• [Assignment] In the listing that follows, the lines starting at the one containing "Lemma separation_nu n" and ending at the one containing "move=> l_gt0 E12" are to be returned exactly, both boundary lines included, and no others.

• [Source material]
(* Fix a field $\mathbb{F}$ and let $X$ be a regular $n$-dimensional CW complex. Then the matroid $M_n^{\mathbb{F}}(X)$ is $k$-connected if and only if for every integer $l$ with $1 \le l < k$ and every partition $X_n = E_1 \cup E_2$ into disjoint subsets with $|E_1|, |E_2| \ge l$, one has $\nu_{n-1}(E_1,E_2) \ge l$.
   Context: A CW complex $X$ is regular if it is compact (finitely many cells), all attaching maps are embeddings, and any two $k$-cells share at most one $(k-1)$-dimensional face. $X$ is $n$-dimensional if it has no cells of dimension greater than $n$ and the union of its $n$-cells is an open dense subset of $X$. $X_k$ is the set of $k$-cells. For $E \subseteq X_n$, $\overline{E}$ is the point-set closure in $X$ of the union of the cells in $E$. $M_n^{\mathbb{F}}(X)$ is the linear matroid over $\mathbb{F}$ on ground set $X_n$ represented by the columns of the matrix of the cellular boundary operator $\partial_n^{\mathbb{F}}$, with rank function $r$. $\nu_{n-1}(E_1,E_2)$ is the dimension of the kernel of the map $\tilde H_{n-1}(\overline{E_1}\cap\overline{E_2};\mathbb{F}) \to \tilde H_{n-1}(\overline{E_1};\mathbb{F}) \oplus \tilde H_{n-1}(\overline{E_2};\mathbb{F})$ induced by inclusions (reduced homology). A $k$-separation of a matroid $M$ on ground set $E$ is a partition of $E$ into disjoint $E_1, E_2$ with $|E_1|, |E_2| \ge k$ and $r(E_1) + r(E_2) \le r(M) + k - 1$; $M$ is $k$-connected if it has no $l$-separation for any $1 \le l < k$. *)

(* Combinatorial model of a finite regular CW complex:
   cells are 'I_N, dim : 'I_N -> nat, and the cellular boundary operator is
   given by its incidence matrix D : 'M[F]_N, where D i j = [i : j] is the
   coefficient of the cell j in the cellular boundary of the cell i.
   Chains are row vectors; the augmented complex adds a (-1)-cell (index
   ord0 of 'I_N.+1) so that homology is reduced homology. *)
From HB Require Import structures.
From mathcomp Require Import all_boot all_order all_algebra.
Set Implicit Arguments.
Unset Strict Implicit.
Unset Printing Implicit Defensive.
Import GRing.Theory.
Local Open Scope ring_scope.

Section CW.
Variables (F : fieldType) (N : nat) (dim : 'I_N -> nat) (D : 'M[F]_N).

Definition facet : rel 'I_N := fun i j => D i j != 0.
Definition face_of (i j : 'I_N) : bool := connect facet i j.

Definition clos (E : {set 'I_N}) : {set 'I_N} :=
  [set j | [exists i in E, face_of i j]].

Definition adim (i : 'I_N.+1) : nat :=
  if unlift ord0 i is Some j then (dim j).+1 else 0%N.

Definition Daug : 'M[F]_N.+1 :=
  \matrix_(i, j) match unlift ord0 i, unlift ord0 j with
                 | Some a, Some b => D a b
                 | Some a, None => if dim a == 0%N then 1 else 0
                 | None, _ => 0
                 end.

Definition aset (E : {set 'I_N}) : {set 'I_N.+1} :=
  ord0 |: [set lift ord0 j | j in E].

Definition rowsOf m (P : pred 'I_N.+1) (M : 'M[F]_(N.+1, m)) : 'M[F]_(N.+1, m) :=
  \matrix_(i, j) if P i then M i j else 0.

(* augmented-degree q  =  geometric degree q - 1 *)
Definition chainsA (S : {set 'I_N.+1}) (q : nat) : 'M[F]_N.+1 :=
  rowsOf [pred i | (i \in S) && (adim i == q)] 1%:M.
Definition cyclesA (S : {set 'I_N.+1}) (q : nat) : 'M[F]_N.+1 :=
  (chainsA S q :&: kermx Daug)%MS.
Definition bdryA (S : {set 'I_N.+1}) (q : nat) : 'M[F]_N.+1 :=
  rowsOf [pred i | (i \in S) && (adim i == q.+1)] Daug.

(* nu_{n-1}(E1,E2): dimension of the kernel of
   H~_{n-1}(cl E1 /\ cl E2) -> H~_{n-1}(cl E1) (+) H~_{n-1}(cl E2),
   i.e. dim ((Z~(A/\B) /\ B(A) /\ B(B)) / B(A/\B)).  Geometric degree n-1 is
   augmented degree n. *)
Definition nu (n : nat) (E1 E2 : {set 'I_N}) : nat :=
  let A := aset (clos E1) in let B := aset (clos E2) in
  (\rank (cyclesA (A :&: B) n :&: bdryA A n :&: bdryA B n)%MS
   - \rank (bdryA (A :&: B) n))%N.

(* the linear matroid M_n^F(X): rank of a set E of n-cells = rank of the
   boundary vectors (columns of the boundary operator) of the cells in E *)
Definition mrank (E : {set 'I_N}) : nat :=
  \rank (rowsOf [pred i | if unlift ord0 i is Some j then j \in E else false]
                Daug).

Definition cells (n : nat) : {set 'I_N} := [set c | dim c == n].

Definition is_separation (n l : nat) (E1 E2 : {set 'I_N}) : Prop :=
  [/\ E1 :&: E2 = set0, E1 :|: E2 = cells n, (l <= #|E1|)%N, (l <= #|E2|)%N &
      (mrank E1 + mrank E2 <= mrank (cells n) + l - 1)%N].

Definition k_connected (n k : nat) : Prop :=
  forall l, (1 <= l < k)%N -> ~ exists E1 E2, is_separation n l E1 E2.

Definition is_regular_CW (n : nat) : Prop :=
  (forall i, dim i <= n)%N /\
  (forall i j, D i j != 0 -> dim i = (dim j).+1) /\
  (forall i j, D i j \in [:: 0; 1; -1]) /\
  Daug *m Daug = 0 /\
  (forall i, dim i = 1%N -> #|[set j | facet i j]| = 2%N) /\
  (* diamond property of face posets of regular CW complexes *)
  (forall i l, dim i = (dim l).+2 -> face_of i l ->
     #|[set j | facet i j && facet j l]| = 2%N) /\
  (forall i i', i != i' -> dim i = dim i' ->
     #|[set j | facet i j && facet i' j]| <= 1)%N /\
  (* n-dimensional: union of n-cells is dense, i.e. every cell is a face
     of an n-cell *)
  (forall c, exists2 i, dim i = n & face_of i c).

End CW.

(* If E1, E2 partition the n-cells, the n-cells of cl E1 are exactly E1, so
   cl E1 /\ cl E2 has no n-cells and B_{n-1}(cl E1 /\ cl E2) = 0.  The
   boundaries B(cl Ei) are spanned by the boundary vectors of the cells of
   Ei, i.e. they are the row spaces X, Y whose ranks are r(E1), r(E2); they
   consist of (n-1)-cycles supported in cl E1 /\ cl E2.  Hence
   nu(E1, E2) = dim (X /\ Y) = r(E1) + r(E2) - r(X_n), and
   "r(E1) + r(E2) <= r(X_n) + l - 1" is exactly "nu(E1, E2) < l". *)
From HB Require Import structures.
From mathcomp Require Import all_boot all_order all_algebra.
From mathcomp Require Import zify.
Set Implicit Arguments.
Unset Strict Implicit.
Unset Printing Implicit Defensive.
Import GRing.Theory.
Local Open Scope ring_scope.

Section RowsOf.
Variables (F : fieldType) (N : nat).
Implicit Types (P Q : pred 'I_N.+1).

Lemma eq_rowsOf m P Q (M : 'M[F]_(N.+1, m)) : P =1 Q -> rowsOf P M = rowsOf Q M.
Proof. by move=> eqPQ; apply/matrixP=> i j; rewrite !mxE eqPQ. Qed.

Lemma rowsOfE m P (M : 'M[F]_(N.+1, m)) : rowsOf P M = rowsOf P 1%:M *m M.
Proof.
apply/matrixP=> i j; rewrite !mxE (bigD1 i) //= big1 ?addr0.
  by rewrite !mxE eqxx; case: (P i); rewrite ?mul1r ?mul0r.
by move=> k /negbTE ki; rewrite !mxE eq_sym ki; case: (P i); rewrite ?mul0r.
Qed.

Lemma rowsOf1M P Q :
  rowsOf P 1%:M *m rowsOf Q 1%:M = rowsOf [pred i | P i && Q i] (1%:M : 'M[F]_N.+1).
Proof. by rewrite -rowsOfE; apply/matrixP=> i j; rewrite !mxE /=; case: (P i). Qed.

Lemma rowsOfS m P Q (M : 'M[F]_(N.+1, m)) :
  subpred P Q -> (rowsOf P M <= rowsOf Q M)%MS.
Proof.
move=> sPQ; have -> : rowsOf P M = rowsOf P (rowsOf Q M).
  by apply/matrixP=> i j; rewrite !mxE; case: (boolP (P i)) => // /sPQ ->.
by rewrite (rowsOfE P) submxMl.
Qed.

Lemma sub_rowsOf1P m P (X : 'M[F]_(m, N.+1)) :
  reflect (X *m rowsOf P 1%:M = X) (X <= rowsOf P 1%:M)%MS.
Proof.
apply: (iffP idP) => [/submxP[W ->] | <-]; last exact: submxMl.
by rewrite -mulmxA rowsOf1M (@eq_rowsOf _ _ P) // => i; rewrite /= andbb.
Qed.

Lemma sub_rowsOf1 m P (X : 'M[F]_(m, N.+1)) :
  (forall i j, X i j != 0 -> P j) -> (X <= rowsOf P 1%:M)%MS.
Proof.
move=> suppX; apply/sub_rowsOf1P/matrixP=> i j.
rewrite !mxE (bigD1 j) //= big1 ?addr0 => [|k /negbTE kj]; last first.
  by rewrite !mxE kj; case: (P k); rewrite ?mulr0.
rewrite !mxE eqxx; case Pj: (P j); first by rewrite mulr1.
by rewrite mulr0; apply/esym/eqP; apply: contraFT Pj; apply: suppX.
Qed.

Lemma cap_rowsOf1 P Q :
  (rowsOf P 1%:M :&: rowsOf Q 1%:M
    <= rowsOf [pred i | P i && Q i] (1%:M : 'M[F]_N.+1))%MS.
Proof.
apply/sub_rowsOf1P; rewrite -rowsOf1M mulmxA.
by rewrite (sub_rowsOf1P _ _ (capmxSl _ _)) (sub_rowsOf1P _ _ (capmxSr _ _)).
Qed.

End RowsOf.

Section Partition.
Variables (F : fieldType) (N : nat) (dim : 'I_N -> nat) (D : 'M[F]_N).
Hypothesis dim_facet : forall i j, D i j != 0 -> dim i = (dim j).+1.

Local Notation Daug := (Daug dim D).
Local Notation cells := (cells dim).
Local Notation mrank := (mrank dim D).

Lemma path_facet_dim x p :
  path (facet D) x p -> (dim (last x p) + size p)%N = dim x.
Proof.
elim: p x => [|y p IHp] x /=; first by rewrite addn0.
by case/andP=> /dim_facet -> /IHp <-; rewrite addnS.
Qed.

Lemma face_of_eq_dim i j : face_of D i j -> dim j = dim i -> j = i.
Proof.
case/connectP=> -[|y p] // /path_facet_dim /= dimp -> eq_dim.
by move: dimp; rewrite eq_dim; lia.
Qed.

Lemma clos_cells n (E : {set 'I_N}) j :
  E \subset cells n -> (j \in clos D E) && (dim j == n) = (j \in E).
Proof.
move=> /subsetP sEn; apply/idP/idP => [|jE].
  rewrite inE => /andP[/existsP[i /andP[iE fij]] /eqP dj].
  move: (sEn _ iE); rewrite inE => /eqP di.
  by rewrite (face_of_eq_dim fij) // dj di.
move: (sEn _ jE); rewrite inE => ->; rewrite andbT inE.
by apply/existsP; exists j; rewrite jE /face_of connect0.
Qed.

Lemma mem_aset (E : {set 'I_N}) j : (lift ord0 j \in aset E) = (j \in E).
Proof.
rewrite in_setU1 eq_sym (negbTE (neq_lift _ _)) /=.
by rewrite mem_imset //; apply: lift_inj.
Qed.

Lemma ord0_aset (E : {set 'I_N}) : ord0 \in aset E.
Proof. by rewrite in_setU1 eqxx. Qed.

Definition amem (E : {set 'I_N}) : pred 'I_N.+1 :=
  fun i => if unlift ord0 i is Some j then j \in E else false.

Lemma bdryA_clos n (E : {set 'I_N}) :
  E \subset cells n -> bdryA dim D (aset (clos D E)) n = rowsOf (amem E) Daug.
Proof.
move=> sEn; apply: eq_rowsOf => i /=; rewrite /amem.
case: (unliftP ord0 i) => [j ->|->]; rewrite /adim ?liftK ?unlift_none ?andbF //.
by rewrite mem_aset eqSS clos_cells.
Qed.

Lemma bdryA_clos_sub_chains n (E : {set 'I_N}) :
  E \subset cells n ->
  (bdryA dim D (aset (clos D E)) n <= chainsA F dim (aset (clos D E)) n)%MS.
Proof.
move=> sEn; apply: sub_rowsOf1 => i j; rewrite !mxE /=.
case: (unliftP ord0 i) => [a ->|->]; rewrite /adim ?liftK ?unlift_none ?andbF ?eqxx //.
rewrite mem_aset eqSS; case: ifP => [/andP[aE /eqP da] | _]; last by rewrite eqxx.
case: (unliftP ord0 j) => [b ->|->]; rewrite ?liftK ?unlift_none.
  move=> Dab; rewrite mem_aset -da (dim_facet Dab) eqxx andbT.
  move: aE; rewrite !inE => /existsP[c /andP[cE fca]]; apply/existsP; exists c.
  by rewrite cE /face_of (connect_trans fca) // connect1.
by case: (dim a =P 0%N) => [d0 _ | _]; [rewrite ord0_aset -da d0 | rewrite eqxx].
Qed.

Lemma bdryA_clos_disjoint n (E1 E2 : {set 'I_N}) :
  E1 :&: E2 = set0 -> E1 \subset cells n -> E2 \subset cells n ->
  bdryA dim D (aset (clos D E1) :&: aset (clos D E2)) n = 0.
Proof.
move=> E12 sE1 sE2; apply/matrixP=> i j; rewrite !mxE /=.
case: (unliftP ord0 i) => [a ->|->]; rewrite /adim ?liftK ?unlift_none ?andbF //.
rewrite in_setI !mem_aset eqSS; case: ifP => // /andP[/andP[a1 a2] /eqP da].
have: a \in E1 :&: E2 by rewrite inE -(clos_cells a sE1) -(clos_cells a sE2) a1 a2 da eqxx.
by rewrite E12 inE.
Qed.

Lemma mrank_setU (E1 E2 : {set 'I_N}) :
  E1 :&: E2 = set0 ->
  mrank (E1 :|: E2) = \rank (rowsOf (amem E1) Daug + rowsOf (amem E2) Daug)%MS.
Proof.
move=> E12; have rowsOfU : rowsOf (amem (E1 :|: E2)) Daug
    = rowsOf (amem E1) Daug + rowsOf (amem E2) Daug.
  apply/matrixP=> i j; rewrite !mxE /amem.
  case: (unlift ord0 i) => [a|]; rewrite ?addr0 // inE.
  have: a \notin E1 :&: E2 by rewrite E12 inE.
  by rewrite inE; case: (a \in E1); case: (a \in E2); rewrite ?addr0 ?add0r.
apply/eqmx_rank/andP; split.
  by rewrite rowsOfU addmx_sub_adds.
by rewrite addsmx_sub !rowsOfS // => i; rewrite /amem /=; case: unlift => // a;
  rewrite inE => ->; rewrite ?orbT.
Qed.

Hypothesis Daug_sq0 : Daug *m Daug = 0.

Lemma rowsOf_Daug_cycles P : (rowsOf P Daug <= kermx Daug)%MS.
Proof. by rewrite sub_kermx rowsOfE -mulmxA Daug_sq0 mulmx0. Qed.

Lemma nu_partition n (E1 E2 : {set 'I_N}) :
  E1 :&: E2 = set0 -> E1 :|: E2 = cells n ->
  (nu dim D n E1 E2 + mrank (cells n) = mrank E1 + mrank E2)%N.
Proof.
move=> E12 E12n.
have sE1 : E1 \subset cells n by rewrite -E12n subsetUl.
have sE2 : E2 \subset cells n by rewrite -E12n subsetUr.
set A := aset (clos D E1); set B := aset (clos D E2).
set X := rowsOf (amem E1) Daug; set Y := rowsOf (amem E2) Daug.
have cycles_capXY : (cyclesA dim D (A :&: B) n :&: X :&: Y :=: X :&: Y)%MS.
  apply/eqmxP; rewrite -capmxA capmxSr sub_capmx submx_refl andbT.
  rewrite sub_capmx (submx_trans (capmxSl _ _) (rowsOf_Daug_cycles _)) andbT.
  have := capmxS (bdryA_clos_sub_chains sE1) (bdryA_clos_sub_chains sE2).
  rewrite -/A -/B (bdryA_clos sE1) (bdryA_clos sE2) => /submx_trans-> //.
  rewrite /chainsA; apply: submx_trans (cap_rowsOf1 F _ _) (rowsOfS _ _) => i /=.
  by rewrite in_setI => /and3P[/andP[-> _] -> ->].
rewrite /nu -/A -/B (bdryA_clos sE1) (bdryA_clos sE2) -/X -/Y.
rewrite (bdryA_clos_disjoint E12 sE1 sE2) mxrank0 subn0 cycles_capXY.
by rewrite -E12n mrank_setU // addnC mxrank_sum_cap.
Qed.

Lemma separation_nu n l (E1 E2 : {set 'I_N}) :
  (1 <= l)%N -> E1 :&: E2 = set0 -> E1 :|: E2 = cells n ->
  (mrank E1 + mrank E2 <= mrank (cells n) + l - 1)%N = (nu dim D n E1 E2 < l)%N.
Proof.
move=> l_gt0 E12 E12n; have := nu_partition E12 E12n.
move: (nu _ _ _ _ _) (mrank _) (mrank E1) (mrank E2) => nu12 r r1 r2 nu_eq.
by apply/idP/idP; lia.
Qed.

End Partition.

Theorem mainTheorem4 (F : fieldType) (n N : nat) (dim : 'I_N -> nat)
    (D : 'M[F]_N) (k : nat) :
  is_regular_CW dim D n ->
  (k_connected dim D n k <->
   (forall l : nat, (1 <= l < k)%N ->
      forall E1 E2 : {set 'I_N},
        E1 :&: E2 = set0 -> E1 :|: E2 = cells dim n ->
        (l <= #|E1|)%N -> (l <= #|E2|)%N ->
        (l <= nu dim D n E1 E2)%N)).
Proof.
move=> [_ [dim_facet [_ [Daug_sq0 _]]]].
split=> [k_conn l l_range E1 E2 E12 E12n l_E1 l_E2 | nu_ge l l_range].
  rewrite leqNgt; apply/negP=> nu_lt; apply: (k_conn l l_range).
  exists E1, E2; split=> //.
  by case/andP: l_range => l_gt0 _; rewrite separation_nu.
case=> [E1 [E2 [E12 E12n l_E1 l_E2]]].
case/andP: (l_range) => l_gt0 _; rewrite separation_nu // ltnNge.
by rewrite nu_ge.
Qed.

• [Task result]
Lemma separation_nu n l (E1 E2 : {set 'I_N}) :
  (1 <= l)%N -> E1 :&: E2 = set0 -> E1 :|: E2 = cells n ->
  (mrank E1 + mrank E2 <= mrank (cells n) + l - 1)%N = (nu dim D n E1 E2 < l)%N.
Proof.
move=> l_gt0 E12 E12n; have := nu_partition E12 E12n.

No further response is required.